# New RCI fees announced



## timeos2 (Oct 15, 2012)

I haven;t seen this posted here yet: 

To allow us to continue to contribute to your ongoing success by providing the best products and services possible to your owners, there will be a change to some of the fees associated with the RCI® Weeks exchange program. Effective November 1, 2012, exchange fees for booking on RCI.com will increase from $189 USD to $199 USD. Call center exchange fees will increase to $209 USD. All other transaction fees will remain unchanged.

This is from a notice to RCI Affiliated resorts. It is tougher & tougher to justify exchanging when expenses are this high & rentals with no exchange so cheap and far more readily available.


----------



## vacationhopeful (Oct 15, 2012)

You got to love corporate America!

First RCI closes the call center on all Sundays - to save money.

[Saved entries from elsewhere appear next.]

Lemma transfer_property_lower (W : R -> R -> R * R) (a L : R)
    (LF0 RF0 LF1 RF1 LF0' RF0' LF1' RF1' : R -> R -> Prop) :
  (forall x y, W x (- y) = (fst (W x y), - snd (W x y))) ->
  (forall x y, LF0 x y -> LF0' x (- y)) -> (forall x y, RF0 x y -> RF0' x (- y)) ->
  (forall x y, LF1' x y -> LF1 x (- y)) -> (forall x y, RF1' x y -> RF1 x (- y)) ->
  transfer_property L W (upperV a) LF0' RF0' LF1' RF1' (fun y => y) ->
  transfer_property L W (lowerV a) LF0 RF0 LF1 RF1 Rabs.
Proof.
  intros HW HL0 HR0 HL1 HR1 Hup f p q Hflat Hp Hq.
  assert (HWf : forall t, W t (f t) = (fst (W t (- f t)), - snd (W t (- f t)))).
  { intro t. rewrite <- (Ropp_involutive (f t)) at 1. apply HW. }
  destruct (Hup (fun x => - f x) p q) as (g & p1 & q1 & Hg & Himg & Hp1 & Hq1 & Hheight & Hderiv).
  { exact (flat_arc_in_opp _ _ _ _ _ _ (lowerV_opp a) Hflat). }
  { apply HL0, Hp. }
  { apply HR0, Hq. }
  exists (fun x => - g x), p1, q1. split; [|split; [|split; [|split; [|split]]]].
  - exact (flat_arc_in_opp _ _ _ _ _ _ (upperV_opp a) Hg).
  - intros x Hx. destruct (Himg x Hx) as (t & Ht & E).
    exists t. split; [exact Ht|]. rewrite HWf, E. reflexivity.
  - apply HL1, Hp1.
  - apply HR1, Hq1.
  - intros x t Hx Ht. destruct Hg as (_ & _ & Hgin), Hflat as (_ & _ & Hfin).
    destruct (Hgin x Hx) as [_ Hgx], (Hfin t Ht) as [_ Hft].
    rewrite Rabs_Ropp, Rabs_pos_eq, Rabs_left by lra.
    apply Hheight; auto.
  - intros x1 x2 Hx1 Hx2 E1 E2 x l Hx Hd.
    rewrite HWf in E1, E2.
    apply (Hderiv x1 x2 Hx1 Hx2 (pair_opp_inj _ _ _ E1) (pair_opp_inj _ _ _ E2) x l Hx).
    apply (derivable_pt_lim_ext (fun t => fst (W t (f t)))); auto.
    intro t. rewrite HWf. reflexivity.
Qed.

Theorem lemma5p3 :
  exists a L : R, 0 < a <= / 10 /\ 0 < L < / 6 /\
    transfer_property L Wp (upperV a) (NWface a) line2 (NWface a) (NEface a) (fun y => y) /\
    transfer_property L Wm (upperV a) line2 (NEface a) (NWface a) (NEface a) (fun y => y) /\
    transfer_property L Wp (lowerV a) (SWface a) line2 (SWface a) (SEface a) Rabs /\
    transfer_property L Wm (lowerV a) line2 (SEface a) (SWface a) (SEface a) Rabs.
Proof.
  exists (/ 1000000), (/ 10000).
  split; [lra|]. split; [lra|].
  split; [exact transfer_Wp_upper|]. split; [exact transfer_Wm_upper|].
  split.
  - apply (transfer_property_lower _ _ _ _ _ _ _ (NWface (/ 1000000)) line2
      (NWface (/ 1000000)) (NEface (/ 1000000)) Wp_opp); auto using NWface_opp, NEface_opp, transfer_Wp_upper.
  - apply (transfer_property_lower _ _ _ _ _ _ _ line2 (NEface (/ 1000000))
      (NWface (/ 1000000)) (NEface (/ 1000000)) Wm_opp); auto using NWface_opp, NEface_opp, transfer_Wm_upper.
Qed.
Lemma block_perm_comp s s' t t' : block_perm s s' -> block_perm t t' ->
  block_perm (fun n => s (t n)) (fun n => t' (s' n)).
Proof.
case=> ss' s's [B B_gt0 sB] [tt' t't [C C_gt0 tC]].
split; [exact: can_comp | exact: can_comp |].
exists (B * C); first by rewrite muln_gt0 B_gt0.
by apply: block_stable_comp; [apply: block_stableM | rewrite mulnC; apply: block_stableM].
Qed.

Lemma block_perm_aut s s' : block_perm s s' -> is_aut (perm_aut s s').
Proof. by case=> ss' s's _; apply: is_aut_perm_aut. Qed.

Lemma block_perm_blockwise B t t' : 0 < B -> {homo t : j / j < B} -> {homo t' : j / j < B} ->
  {in gtn B, cancel t t'} -> {in gtn B, cancel t' t} ->
  block_perm (blockwise B t) (blockwise B t').
Proof.
move=> B_gt0 tB t'B tt' t't; split; try exact: blockwise_cancel.
by exists B => //; apply: block_stable_blockwise.
Qed.

(* On each block, [s] induces a permutation of ['I_B], whose order divides
   [#|{perm 'I_B}|]. *)
Lemma block_perm_finite_order s s' : block_perm s s' ->
  exists2 N, 0 < N & forall n, iter N s n = n.
Proof.
case=> ss' _ [B B_gt0 sB]; exists #|{perm 'I_B}|; first by apply/card_gt0P; exists 1%g.
move=> n; set q := n %/ B.
pose f (i : 'I_B) : 'I_B := Ordinal (ltn_pmod (s (B * q + i)) B_gt0).
have sf (i : 'I_B) : s (B * q + i) = B * q + f i.
  by rewrite /= {1}(block_decomp B (s _)) sB; case: (divn_modn_block q (ltn_ord i)) => ->.
have inj_f : injective f.
  move=> i1 i2 fi12; apply/val_inj/eqP; rewrite -(eqn_add2l (B * q)).
  by apply/eqP/(can_inj ss'); rewrite !sf fi12.
have iter_sf k (i : 'I_B) : iter k s (B * q + i) = B * q + iter k f i.
  by elim: k => // k; rewrite !iterS => ->; apply: sf.
have fN1 : (perm inj_f ^+ #|{perm 'I_B}|)%g = 1%g by rewrite -cardsT expg_cardG ?inE.
rewrite (block_decomp B n) -/q -[n %% B]/(val (Ordinal (ltn_pmod n B_gt0))) iter_sf.
by rewrite -(eq_iter (permE inj_f)) -permX fN1 perm1.
Qed.
Section VectorField.
Variables (n : nat) (beta gamma mu : R) (thstar : nat -> R).
Hypotheses (hbeta : 0 < beta) (hgamma : 0 < gamma) (hmu : 0 < mu).

(* A state is [X = (theta, vartheta)]; [P] stands for the regressor value [phi t].
   The analysis runs in the coordinates [w = vartheta - thstar] and [z = theta - vartheta]. *)
Definition theta_rate (P : nat -> R) (X : (nat -> R) * (nat -> R)) (i : nat) : R :=
  - beta * (fst X i - snd X i) * (1 + mu * dot n P P).
Definition vartheta_rate (P : nat -> R) (X : (nat -> R) * (nat -> R)) (i : nat) : R :=
  - gamma * P i * dot n P (vsub (fst X) thstar).

Definition werr (X : (nat -> R) * (nat -> R)) (i : nat) : R := snd X i - thstar i.
Definition zerr (X : (nat -> R) * (nat -> R)) (i : nat) : R := fst X i - snd X i.

Definition lyap (X : (nat -> R) * (nat -> R)) : R :=
  dot n (werr X) (werr X) + dot n (zerr X) (zerr X).
Definition dissipation (P : nat -> R) (X : (nat -> R) * (nat -> R)) : R :=
  beta * dot n (zerr X) (zerr X) + gamma * (dot n P (werr X) * dot n P (werr X)).
Definition lyap_rate (P : nat -> R) (X : (nat -> R) * (nat -> R)) : R :=
  vsum n (fun i => vartheta_rate P X i * werr X i + werr X i * vartheta_rate P X i) +
  vsum n (fun i => (theta_rate P X i - vartheta_rate P X i) * zerr X i
                   + zerr X i * (theta_rate P X i - vartheta_rate P X i)).

Definition err_sq (X : (nat -> R) * (nat -> R)) : R :=
  dot n (vsub (fst X) thstar) (vsub (fst X) thstar)
  + dot n (vsub (snd X) thstar) (vsub (snd X) thstar).

Lemma err_eq_sqrt X : err_eq n thstar X = sqrt (err_sq X).
Proof. reflexivity. Qed.
(* Let $\mathcal S$ be a non-degenerate affine zipper with signature $(0,\dots,0)$ whose matrices have dominated splitting of index-1 with multicone $M$. Then there exist integers $n,l,m\ge1$ and a word $\bar\jmath$ with $|\bar\jmath|=l$ such that $B_{n,l,m}\cap[\bar\jmath]=\emptyset$.
   Context: Affine zipper with signature $(0,\dots,0)$: $f_i(x)=A_ix+t_i$ ($i=0,\dots,N-1$) on $\mathbb R^d$, $A_i$ invertible, each $f_i$ a contraction, vertices $z_0,\dots,z_N$ with $f_i(z_0)=z_i$, $f_i(z_N)=z_{i+1}$; $\Gamma=\bigcup_if_i(\Gamma)$ the attractor. For a word $\bar\imath=i_1\dots i_k$: $A_{\bar\imath}=A_{i_1}\cdots A_{i_k}$, $f_{\bar\imath}=f_{i_1}\circ\dots\circ f_{i_k}$, $\Gamma_{\bar\imath}=f_{\bar\imath}(\Gamma)$. Dominated splitting of index-1: there is a nonempty open $M\subset\mathbb{PR}^{d-1}$ ($\langle w\rangle$ the line through $w\ne0$; projective action $\langle w\rangle\mapsto\langle Aw\rangle$) with finitely many components with pairwise disjoint closures, $\bigcup_iA_i\overline M\subset M^o$, and some hyperplane transverse to all elements of $\overline M$. For $x\in\mathbb R^d$, $M(x)=\{y\ne x:\langle y-x\rangle\in M\}$. Non-degenerate: there is a bounded open $U$ with $f_i(U)\cap f_j(U)=\emptyset$ ($i\ne j$), $\Gamma\cap U\ne\emptyset$, and $\langle z_N-z_0\rangle\notin\bigcap_{k\ge0}\bigcap_{|\bar\imath|=k}A_{\bar\imath}^{-1}(M^c)$. Symbolic: $\Sigma=\{0,\dots,N-1\}^{\mathbb N}$, $[\bar\jmath]$ the cylinder of sequences starting with $\bar\jmath$, $\mathbf i|_l=i_1\dots i_l$; $\Pi(\mathbf i)=\lim_nf_{i_1}\circ\dots\circ f_{i_n}(0)$. Sets $B_{n,l,m}$: for $n,l,m\ge1$, $B_{n,l,m}$ is the set of $\mathbf i\in\Sigma$ such that $\big(M(\Pi(\mathbf i))\setminus B_{1/n}(\Pi(\mathbf i))\big)\cap\big(\Gamma\setminus(\Gamma_{\mathbf i|_l}\cup\Gamma_{\mathbf i|_{l-1}(i_l-1)(N-1)^m}\cup\Gamma_{\mathbf i|_{l-1}(i_l+1)0^m})\big)=\emptyset$, where $B_r(x)$ is the open ball, $\mathbf i|_{l-1}(i_l-1)(N-1)^m$ is the word $i_1\dots i_{l-1}$ followed by the symbol $i_l-1$ and then $m$ copies of $N-1$ (similarly for the other word), and by convention $\Gamma_{\mathbf i|_{l-1}(i_l-1)(N-1)^m}=\emptyset$ if $i_l=0$, $\Gamma_{\mathbf i|_{l-1}(i_l+1)0^m}=\emptyset$ if $i_l=N-1$. *)

From Stdlib Require Import Reals ClassicalEpsilon.
From Stdlib Require List.
From mathcomp Require Import ssreflect ssrfun ssrbool eqtype ssrnat seq fintype bigop.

Then as they raise the exchange fees, they even up the ante to USE the call in center by a further $10 per exchange increase. 

And John, as for renting ... Corporate America loves monoploies, too. Raising the exchange fees, limiting (most) access to the computer, getting hooked into online booking companies (Hotwire, Expedia, etc) --- where do you think that inventory is going? 

RCI is a rental company with lots of condo inventory. They just don't OWN any of those condos --- some other big business will "ZAP" them with a fancier web page where owners will not have to pay a YEARLY membership fee to deposit their inventory hoping to get a FAIR trade and pay $200 additional dollars for _any trade_ before the deposit expires.


----------



## eal (Oct 15, 2012)

Wow!  I can only imagine how much they will charge in Canadian $$ (which is at par with the US $ BTW).

I love Hawaii Timeshare Exchange - they charge $99!


----------



## Carolinian (Oct 15, 2012)

Ah, another ''enhancement''!

Time to start educating our fellow timesharers and HOA's about the independent exchange companies.

And just think of the lovely timing for their resort affiliates - royally iritating members who exchange right when the HOA's m/f bills are going out.


----------



## bogey21 (Oct 15, 2012)

As I have worked my Weeks down to 1, I have also dumped RCI.  RCI and II may work for those dealing in "high end" TS Weeks where their pricing (membership fee  plus transaction costs) is small compared to the rental value of the Weeks but IMO it is no longer practical for those dealing in lower cost Time Share Weeks.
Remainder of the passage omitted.